経営の健全性・効率性について
「経常収支比率」については、100%を超え黒字となっており、平成26年度の会計基準の見直しにより、経常利益が増加しています。これは、長期前受金戻入が収益の約4割を占めているためです。「料金回収率」においても100%超えていることから、現時点では経営の健全性が保たれています。「流動比率」については、会計基準の見直しにより平成26年度から減少していますが、支払能力には問題ありません。「企業債残高対給水収益比率」については、当企業団は県から譲受けた施設で事業を運営しており、拡張時の借入れがないため、他事業体と比べ低くなっています。

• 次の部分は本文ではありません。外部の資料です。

(* Let $g\in\mathbb{C}[\alpha,x^{\pm}]^s$ and assume $\mathcal{A}$ and $\mathcal{X}$ satisfy one of: (i) $\mathcal{A}\subseteq\mathbb{R}^\ell$ and $\mathcal{X}\subseteq(\mathbb{R}^* )^n$ are both semialgebraic; (ii) $\mathcal{A}\subseteq\mathbb{C}^\ell$ and $\mathcal{X}\subseteq(\mathbb{C}^* )^n$ are both constructible; (iii) $\mathcal{A}\subseteq\mathbb{R}^\ell$ is semialgebraic and $\mathcal{X}\subseteq(\mathbb{C}^* )^n$ is constructible. Assume additionally that $\mathcal{A}$ is locally Zariski dense in $\mathbb{C}^\ell$. Then $\mathcal{D}_{g,\mathcal{A}}(\mathcal{X})$ is Zariski dense in $\mathbb{C}^\ell$ if and only if it has nonempty Euclidean interior in $\mathcal{A}$.
   Context: Let $g\in\mathbb{C}[\alpha_1,\dots,\alpha_\ell,x_1^{\pm1},\dots,x_n^{\pm1}]^s$, $g_\alpha=g(\alpha,\cdot)$, $\mathbb{V}_{\mathbb{C}^*}(g_\alpha)=\{x\in(\mathbb{C}^* )^n: g_\alpha(x)=0\}$. For $\mathcal{A}\subseteq\mathbb{C}^\ell$, $\mathcal{X}\subseteq(\mathbb{C}^* )^n$, $\mathcal{D}_{g,\mathcal{A}}(\mathcal{X})=\{\alpha\in\mathcal{A}:\mathbb{V}_{\mathbb{C}^*}(g_\alpha)\cap\mathcal{X}\neq\emptyset\}$. A set $X\subseteq\mathbb{C}^m$ is locally Zariski dense if for every Euclidean open $U\subseteq\mathbb{C}^m$ with $U\cap X\neq\emptyset$, the Zariski closure of $U\cap X$ is $\mathbb{C}^m$. A subset $S$ has nonempty Euclidean interior in $\mathcal{A}$ if there is an open Euclidean ball $B$ with $\emptyset\ne B\cap\mathcal{A}\subseteq S$. *)

From HB Require Import structures.
From mathcomp Require Import all_boot all_algebra.
From mathcomp Require Import mpoly.
From mathcomp Require Import reals.
From mathcomp Require Import complex.

Set Implicit Arguments.
Unset Strict Implicit.
Unset Printing Implicit Defensive.

Import GRing.Theory Num.Theory.
Local Open Scope ring_scope.

Section Defs.
Variable R : realType.

Local Notation C := (R[i]).

Definition realpt (m : nat) (y : 'I_m -> R) : 'I_m -> C :=
  fun i => ((y i)%:C)%C.

Definition in_torus (m : nat) (x : 'I_m -> C) : Prop := forall i, x i != 0.

(* Semialgebraic subsets of R^m: boolean combinations of sets {p > 0},
   p a real polynomial (the set {p = 0} is the complement of
   {p > 0} U {-p > 0}). *)
Inductive semialgebraic (m : nat) : (('I_m -> R) -> Prop) -> Prop :=
| sa_pos (p : {mpoly R[m]}) : semialgebraic (fun y => 0 < p.@[y])
| sa_union S T : semialgebraic S -> semialgebraic T ->
    semialgebraic (fun y => S y \/ T y)
| sa_compl S : semialgebraic S -> semialgebraic (fun y => ~ S y)
| sa_ext S T : (forall y, S y <-> T y) -> semialgebraic S -> semialgebraic T.

Inductive constructible (m : nat) : (('I_m -> C) -> Prop) -> Prop :=
| co_zero (p : {mpoly C[m]}) : constructible (fun x => p.@[x] = 0)
| co_union S T : constructible S -> constructible T ->
    constructible (fun x => S x \/ T x)
| co_compl S : constructible S -> constructible (fun x => ~ S x)
| co_ext S T : (forall x, S x <-> T x) -> constructible S -> constructible T.

Definition real_semialgebraic (m : nat) (A : ('I_m -> C) -> Prop) : Prop :=
  exists S : ('I_m -> R) -> Prop, semialgebraic S /\
    forall x, A x <-> exists y, S y /\ x = realpt y.

Definition real_torus_semialgebraic (m : nat) (X : ('I_m -> C) -> Prop) :=
  real_semialgebraic X /\ forall x, X x -> in_torus x.

Definition torus_constructible (m : nat) (X : ('I_m -> C) -> Prop) :=
  constructible X /\ forall x, X x -> in_torus x.

(* Open Euclidean ball in C^m (radius r > 0 assumed where used). *)
Definition eball (m : nat) (c : 'I_m -> C) (r : R) : ('I_m -> C) -> Prop :=
  fun x => \sum_(i < m) `|x i - c i| ^+ 2 < ((r ^+ 2)%:C)%C.

Definition eopen (m : nat) (U : ('I_m -> C) -> Prop) : Prop :=
  forall x, U x -> exists r : R, 0 < r /\ forall y, eball x r y -> U y.

Definition zariski_closure (m : nat) (X : ('I_m -> C) -> Prop)
  : ('I_m -> C) -> Prop :=
  fun x => forall S : {mpoly C[m]} -> Prop,
    (forall p, S p -> forall y, X y -> p.@[y] = 0) ->
    forall p, S p -> p.@[x] = 0.

Definition zariski_dense (m : nat) (X : ('I_m -> C) -> Prop) : Prop :=
  forall x, zariski_closure X x.

Definition locally_zariski_dense (m : nat) (X : ('I_m -> C) -> Prop) :=
  forall U : ('I_m -> C) -> Prop, eopen U -> (exists x, U x /\ X x) ->
    zariski_dense (fun x => U x /\ X x).

Definition nonempty_interior_in (m : nat) (A S : ('I_m -> C) -> Prop) :=
  exists (c : 'I_m -> C) (r : R), 0 < r /\
    (exists x, eball c r x /\ A x) /\
    (forall x, eball c r x -> A x -> S x).

(* Elements of C[alpha_1..alpha_l, x_1^{+-1}..x_n^{+-1}], represented as
   q(alpha, x) / x^e with q a polynomial in l + n variables. *)
Record laurent (l n : nat) := Laurent {
  lnum : {mpoly C[l + n]};
  lden : 'I_n -> nat }.

Definition joinpt (l n : nat) (a : 'I_l -> C) (x : 'I_n -> C)
  : 'I_(l + n) -> C :=
  fun i => match split i with inl j => a j | inr j => x j end.

Definition leval (l n : nat) (f : laurent l n) (a : 'I_l -> C)
  (x : 'I_n -> C) : C :=
  (lnum f).@[joinpt a x] / \prod_(i < n) x i ^+ lden f i.

Definition torus_zeros (l n s : nat) (g : 'I_s -> laurent l n)
  (a : 'I_l -> C) : ('I_n -> C) -> Prop :=
  fun x => in_torus x /\ forall j, leval (g j) a x = 0.

Definition discr_set (l n s : nat) (g : 'I_s -> laurent l n)
  (A : ('I_l -> C) -> Prop) (X : ('I_n -> C) -> Prop)
  : ('I_l -> C) -> Prop :=
  fun a => A a /\ exists x, torus_zeros g a x /\ X x.

End Defs.

From HB Require Import structures.
From mathcomp Require Import all_boot all_order all_algebra all_field.
From mathcomp Require Import mpoly.
From mathcomp Require Import reals.
From mathcomp Require Import complex ordered_qelim qe_rcf.
From mathcomp Require Import lra.
From Stdlib Require Import FunctionalExtensionality Classical.
Import Order.TTheory GRing.Theory Num.Theory.
Local Open Scope ring_scope.
Set Implicit Arguments.
Unset Strict Implicit.
Unset Printing Implicit Defensive.

(* If D has nonempty interior in A, a ball B with B /\ A <= D is Zariski dense
   by the local Zariski density of A, hence so is D.

   Conversely, call a set Y of parameters (real or complex) generically locally
   constant when some polynomial H, not identically zero on the parameter
   space, is such that Y is constant near every point where H does not vanish.
   These sets form a Boolean algebra which contains the zero sets of complex
   polynomials and the sign conditions of real polynomials, hence every set
   defined by a quantifier-free formula.  By quantifier elimination over C and
   over R, the condition "g_a has a zero in X on the torus" is quantifier-free,
   so in all three cases D is generically locally constant.  A Zariski dense D
   cannot lie in the zero set of H, so D contains a point where H does not
   vanish, and then a whole neighbourhood of it: D has nonempty interior. *)

Section PolynomialContinuity.
Variables (F : numFieldType) (m : nat).

Definition cont_at (f : ('I_m -> F) -> F) (y : 'I_m -> F) :=
  forall e, 0 < e -> exists2 d, 0 < d &
    forall z, (forall i, `|z i - y i| < d) -> `|f z - f y| < e.

Lemma pos_min (d1 d2 : F) : 0 < d1 -> 0 < d2 ->
  exists d, [/\ 0 < d, d <= d1 & d <= d2].
Proof.
move=> d1_gt0 d2_gt0.
have : d1 >=< d2 by rewrite real_comparable ?gtr0_real.
case/comparable_leP => [d12|d21]; first by exists d1; rewrite d1_gt0 lexx d12.
by exists d2; rewrite d2_gt0 lexx (ltW d21).
Qed.

Lemma cont_ext f g y : (forall z, f z = g z) -> cont_at f y -> cont_at g y.
Proof.
move=> fg cf e e_gt0; have [d d_gt0 near_f] := cf e e_gt0.
by exists d => // z /near_f; rewrite !fg.
Qed.

Lemma cont_cst c y : cont_at (fun _ => c) y.
Proof. by move=> e e_gt0; exists 1 => // z _; rewrite subrr normr0. Qed.

Lemma cont_coord i y : cont_at (fun z => z i) y.
Proof. by move=> e e_gt0; exists e => // z /(_ i). Qed.

Lemma cont_add f g y :
  cont_at f y -> cont_at g y -> cont_at (fun z => f z + g z) y.
Proof.
move=> cf cg e e_gt0.
have e2_gt0 : 0 < e / 2 by rewrite divr_gt0 ?ltr0n.
have [d1 d1_gt0 near_f] := cf _ e2_gt0; have [d2 d2_gt0 near_g] := cg _ e2_gt0.
have [d [d_gt0 dd1 dd2]] := pos_min d1_gt0 d2_gt0.
exists d => // z zy; rewrite opprD addrACA (le_lt_trans (ler_normD _ _)) //.
rewrite [e]splitr ltrD ?near_f ?near_g // => i.
  exact: lt_le_trans (zy i) dd1.
exact: lt_le_trans (zy i) dd2.
Qed.

Lemma cont_mul f g y :
  cont_at f y -> cont_at g y -> cont_at (fun z => f z * g z) y.
Proof.
move=> cf cg e e_gt0.
set a := `|g y| + 1; set b := `|f y| + 1.
have a_gt0 : 0 < a by rewrite ltr_pwDr ?ltr01 ?normr_ge0.
have b_gt0 : 0 < b by rewrite ltr_pwDr ?ltr01 ?normr_ge0.
have ea_gt0 : 0 < e / 2 / a by rewrite !divr_gt0 ?ltr0n.
have eb_gt0 : 0 < e / 2 / b by rewrite !divr_gt0 ?ltr0n.
have [d' [d'_gt0 d'_eb d'_1]] := pos_min eb_gt0 ltr01.
have [d1 d1_gt0 near_f] := cf _ ea_gt0; have [d2 d2_gt0 near_g] := cg _ d'_gt0.
have [d [d_gt0 dd1 dd2]] := pos_min d1_gt0 d2_gt0.
exists d => // z zy.
have fz : `|f z - f y| < e / 2 / a.
  by apply: near_f => i; exact: lt_le_trans (zy i) dd1.
have gz : `|g z - g y| < d'.
  by apply: near_g => i; exact: lt_le_trans (zy i) dd2.
have gz_le_a : `|g z| <= a.
  rewrite -[g z](subrK (g y)) (le_trans (ler_normD _ _)) //.
  by rewrite addrC lerD2l ltW // (lt_le_trans gz d'_1).
rewrite (_ : f z * g z - f y * g y = (f z - f y) * g z + f y * (g z - g y));
  last by rewrite mulrBl mulrBr addrA subrK.
apply: (le_lt_trans (ler_normD _ _)); rewrite [e]splitr normrM normrM.
apply: ltrD.
  apply: (@le_lt_trans _ _ (`|f z - f y| * a)); first by rewrite ler_wpM2l.
  by rewrite -ltr_pdivlMr.
apply: (@le_lt_trans _ _ (b * `|g z - g y|)).
  by rewrite ler_wpM2r ?normr_ge0 // lerDl ler01.
by rewrite -ltr_pdivlMl // (lt_le_trans gz) // mulrC.
Qed.

Lemma cont_sum (I : Type) (r : seq I) (P : pred I) (f : I -> ('I_m -> F) -> F) y :
  (forall i, cont_at (f i) y) -> cont_at (fun z => \sum_(i <- r | P i) f i z) y.
Proof.
move=> cf; elim: r => [|i r IH].
  by apply: (cont_ext (f := fun _ => 0)) (cont_cst _ _) => z; rewrite big_nil.
apply: (cont_ext (f := fun z => (if P i then f i z else 0) +
                                \sum_(i <- r | P i) f i z)).
  by move=> z; rewrite big_cons; case: (P i); rewrite ?add0r.
by apply: cont_add => //; case: (P i); [apply: cf | apply: cont_cst].
Qed.

Lemma cont_prod (I : Type) (r : seq I) (P : pred I) (f : I -> ('I_m -> F) -> F) y :
  (forall i, cont_at (f i) y) -> cont_at (fun z => \prod_(i <- r | P i) f i z) y.
Proof.
move=> cf; elim: r => [|i r IH].
  by apply: (cont_ext (f := fun _ => 1)) (cont_cst _ _) => z; rewrite big_nil.
apply: (cont_ext (f := fun z => (if P i then f i z else 1) *
                                \prod_(i <- r | P i) f i z)).
  by move=> z; rewrite big_cons; case: (P i); rewrite ?mul1r.
by apply: cont_mul => //; case: (P i); [apply: cf | apply: cont_cst].
Qed.

Lemma cont_meval (p : {mpoly F[m]}) y : cont_at (fun z => p.@[z]) y.
Proof.
apply: (cont_ext (f := fun z => \sum_(k <- msupp p) p@_k * \prod_i z i ^+ k i)).
  by move=> z; rewrite mevalE.
apply: cont_sum => k; apply: cont_mul; first exact: cont_cst.
apply: cont_prod => i.
apply: (cont_ext (f := fun z => \prod_(j < k i) z i)).
  by move=> z; rewrite prodr_const card_ord.
by apply: cont_prod => _; apply: cont_coord.
Qed.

今年度は、浄水設備(一部)更新工事により借入れを行ったため、昨年度に比べ68ポイント上昇しています。今後も、施設の更新等の財源に企業債が考えられますので、上昇傾向に注意が必要です。「給水原価」については、会計基準の見直しにより「長期前受金戻入」を控除して算出することになり、全国平均及び類似団体と比べると低い現状にあります。「施設利用率」については、平均を上回っており適正な規模と考えられます。「有収率」については、類似団体と比べると高くなっています。漏水調査の成果もあって昨年度より上昇しています。今後も漏水調査を行い有収率の向上に努めます。
老朽化の状況について
「有形固定資産減価償却費率」については、増加傾向にあり、年々老朽化が進んでいますが、まだ管路の耐用年数が経過していないため「管路経年化率」は0%です。そのため、「管路更新率」は他事業体と比べ低くなっています。現在は、道路改良に伴う管路布設替工事が主です。今後は、アセットマネジメントを活用し、将来老朽化を迎える管路を計画的に更新し、耐震化を図っていく必要があります。
全体総括
当企業団の水道事業は、現時点では良好と判断されますが、給水人口等の減少により給水収益の減少が懸念されます。今後は、更なる経費削減に努め、更新工事の財源を確保し、施設の長寿命化対策及びアセットマネジメントの活用を図り、経営戦略を策定し計画的に事業を運営する必要があります。経営戦略については平成31年度までに策定の予定です。